If people knew we could see the future, they’d probably think we could have had our own mansion. That we could have had a lot of things, if we wanted them. One night, I was sitting in front of the television watching the Pick-6, and I said every number two seconds before the ball shot out of the popcorn popper. Of course that gave me an idea. I thought I could stretch it, so that I saw the Pick-6 numbers early enough for Nan to buy a ticket. But the thing was, I couldn’t. Things like Pick-6 numbers were short-term memory. The numbers only occurred to me a few seconds before they were drawn. Before that, they were lost in the muddle of outcomes competing in my head. Besides, Nan was dead against using our power for profit. Every time I thought of a way, she’d just roll her eyes. “We’re perfectly comfortable,” she’d say, looking out the kitchen window, past the plump red tomatoes ripening on the sill. “Besides, money is the root of all evil.” Nan was like a brick wall when it came to certain things, and this was one of them. Eventually, I stopped asking, though she would never get me to believe that only evil stemmed from money. Some good came out of it, too. Like a new iPod. Or running shoes with treads that hadn’t been worn so smooth that running sometimes felt like ice-skating.

My muscles and head hurt as I climbed the steps, and once again I couldn’t tell if the pain was from the fall on the boardwalk or some horrible future memories swirling in my head, waiting to be unleashed from my subconscious.

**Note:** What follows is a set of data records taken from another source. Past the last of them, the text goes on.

(* Pointwise closure rules for continuity, stated on lambda-terms so that the
   tactic [cont] below can apply them syntactically. *)
Lemma cont_const k x : continuity_pt (fun _ => k) x.
Proof. apply continuity_pt_const; intros ? ?; reflexivity. Qed.
Lemma cont_id x : continuity_pt (fun y => y) x.
Proof. apply derivable_continuous_pt, derivable_pt_id. Qed.
Lemma cont_plus f g x : continuity_pt f x -> continuity_pt g x -> continuity_pt (fun y => f y + g y) x.
Proof. exact (continuity_pt_plus f g x). Qed.
Lemma cont_minus f g x : continuity_pt f x -> continuity_pt g x -> continuity_pt (fun y => f y - g y) x.
Proof. exact (continuity_pt_minus f g x). Qed.
Lemma cont_mult f g x : continuity_pt f x -> continuity_pt g x -> continuity_pt (fun y => f y * g y) x.
Proof. exact (continuity_pt_mult f g x). Qed.
Lemma cont_opp f x : continuity_pt f x -> continuity_pt (fun y => - f y) x.
Proof. exact (continuity_pt_opp f x). Qed.
Lemma cont_inv f x : continuity_pt f x -> f x <> 0 -> continuity_pt (fun y => / f y) x.
Proof. exact (continuity_pt_inv f x). Qed.
Lemma cont_div f g x : continuity_pt f x -> continuity_pt g x -> g x <> 0 -> continuity_pt (fun y => f y / g y) x.
Proof. exact (continuity_pt_div f g x). Qed.
Lemma cont_pow f n x : continuity_pt f x -> continuity_pt (fun y => f y ^ n) x.
Proof. intros H; induction n; simpl. apply cont_const. apply cont_mult; auto. Qed.
Lemma cont_comp f g x : continuity_pt g x -> continuity_pt f (g x) -> continuity_pt (fun y => f (g y)) x.
Proof. exact (continuity_pt_comp g f x). Qed.
Lemma cont_app f g x : contR f -> continuity_pt g x -> continuity_pt (fun y => f (g y)) x.
Proof. intros Hf Hg. apply cont_comp; auto. Qed.

Lemma cosh_pos x : 0 < cosh x.
Proof. unfold cosh. pose proof (exp_pos x); pose proof (exp_pos (-x)). lra. Qed.

Lemma cont_tanh x : continuity_pt tanh x.
Proof.
  unfold tanh. apply cont_div; try apply derivable_continuous_pt.
  apply derivable_pt_sinh. apply derivable_pt_cosh. pose proof (cosh_pos x); lra.
Qed.
Lemma cont_sech x : continuity_pt sech x.
Proof.
  unfold sech. apply cont_inv. apply derivable_continuous_pt, derivable_pt_cosh.
  pose proof (cosh_pos x); lra.
Qed.

Lemma derivable_contR f f' : (forall x, derivable_pt_lim f x (f' x)) -> contR f.
Proof. intros H x. apply derivable_continuous_pt. exists (f' x). apply H. Qed.

Ltac cont :=
  repeat (match goal with
  | |- contR _ => intro
  | |- continuity_pt (fun _ => ?k) _ => apply cont_const
  | |- continuity_pt (fun y => y) _ => apply cont_id
  | |- continuity_pt (fun y => _ + _) _ => apply cont_plus
  | |- continuity_pt (fun y => _ - _) _ => apply cont_minus
  | |- continuity_pt (fun y => _ * _) _ => apply cont_mult
  | |- continuity_pt (fun y => _ / _) _ => apply cont_div
  | |- continuity_pt (fun y => - _) _ => apply cont_opp
  | |- continuity_pt Ropp _ => apply (cont_opp (fun y => y)), cont_id
  | |- continuity_pt (fun y => _ ^ _) _ => apply cont_pow
  | |- continuity_pt (fun y => exp _) _ =>
      apply (cont_comp exp); [|apply derivable_continuous_pt, derivable_pt_exp]
  | |- continuity_pt exp _ => apply derivable_continuous_pt, derivable_pt_exp
  | |- continuity_pt (fun y => tanh _) _ => apply (cont_comp tanh); [|apply cont_tanh]
  | |- continuity_pt (fun y => sech _) _ => apply (cont_comp sech); [|apply cont_sech]
  | |- continuity_pt (fun y => Rabs _) _ => apply (cont_comp Rabs); [|apply Rcontinuity_abs]
  | H : contR ?f |- continuity_pt (fun y => ?f _) _ => apply (cont_app f); [exact H|]
  | H : contR ?f |- continuity_pt ?f _ => apply H
  end); try (cbv beta; lra).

The thing clearest in my mind, besides the unraveling of the script, was Taryn. Somehow, everything I knew about the future disappeared when I’d touched her hand. Somehow, she already meant so much to me that my chest ached for her, even though we’d only met a few hours ago. As I opened the screen door, one clear thought stood out from all the others rattling around in my head: there was something different about her, and I had to find out what.

Nan lay in her silver-blue pleather recliner. It had a combo of red plaid dish towels and packing tape over the arms to hide the rips there. She kept the packing tape on the card table nearby since a new rip sprang up every time she sat in the chair. It was the same recliner she’d pass away in. She was watching Wheel of Fortune. Okay, not really watching. Snoring and staring at Pat Sajak with one glazed eye. Behind her, on the kitchen table, was a plate covered with foil.

The fish.

I pulled off the wrapping and, not finding a fork nearby, tore off a ragged piece of whitefish and popped it in my mouth. The salt stung my tongue. Gagging, I found a Coke in the fridge and downed most of it in one swallow. Funny how my knowledge of the future never seemed to protect me from things like that.

Then I heard my mother upstairs, the creaking of her mattress springs. She couldn’t understand why I tried to live a normal life. She thought that in order to truly control her own destiny, she had to remove herself from everything. And I guess it worked, somewhat. It never really mattered what she did in her room; because she always did the same things, like clockwork, it very rarely affected me in such a way that I would cycle. If she did go off script, say, choosing to watch Die Hard instead of Gladiator, it didn’t change her or my future a heck of a lot. But she had learned that even confinement didn’t make her immune to pain. If it was up to her, she’d isolate all of us. I could still remember being four years old, and my mom holding me to her chest. Sobbing. Just stay here, Nicholas. Stay with me. It’s the only safe place.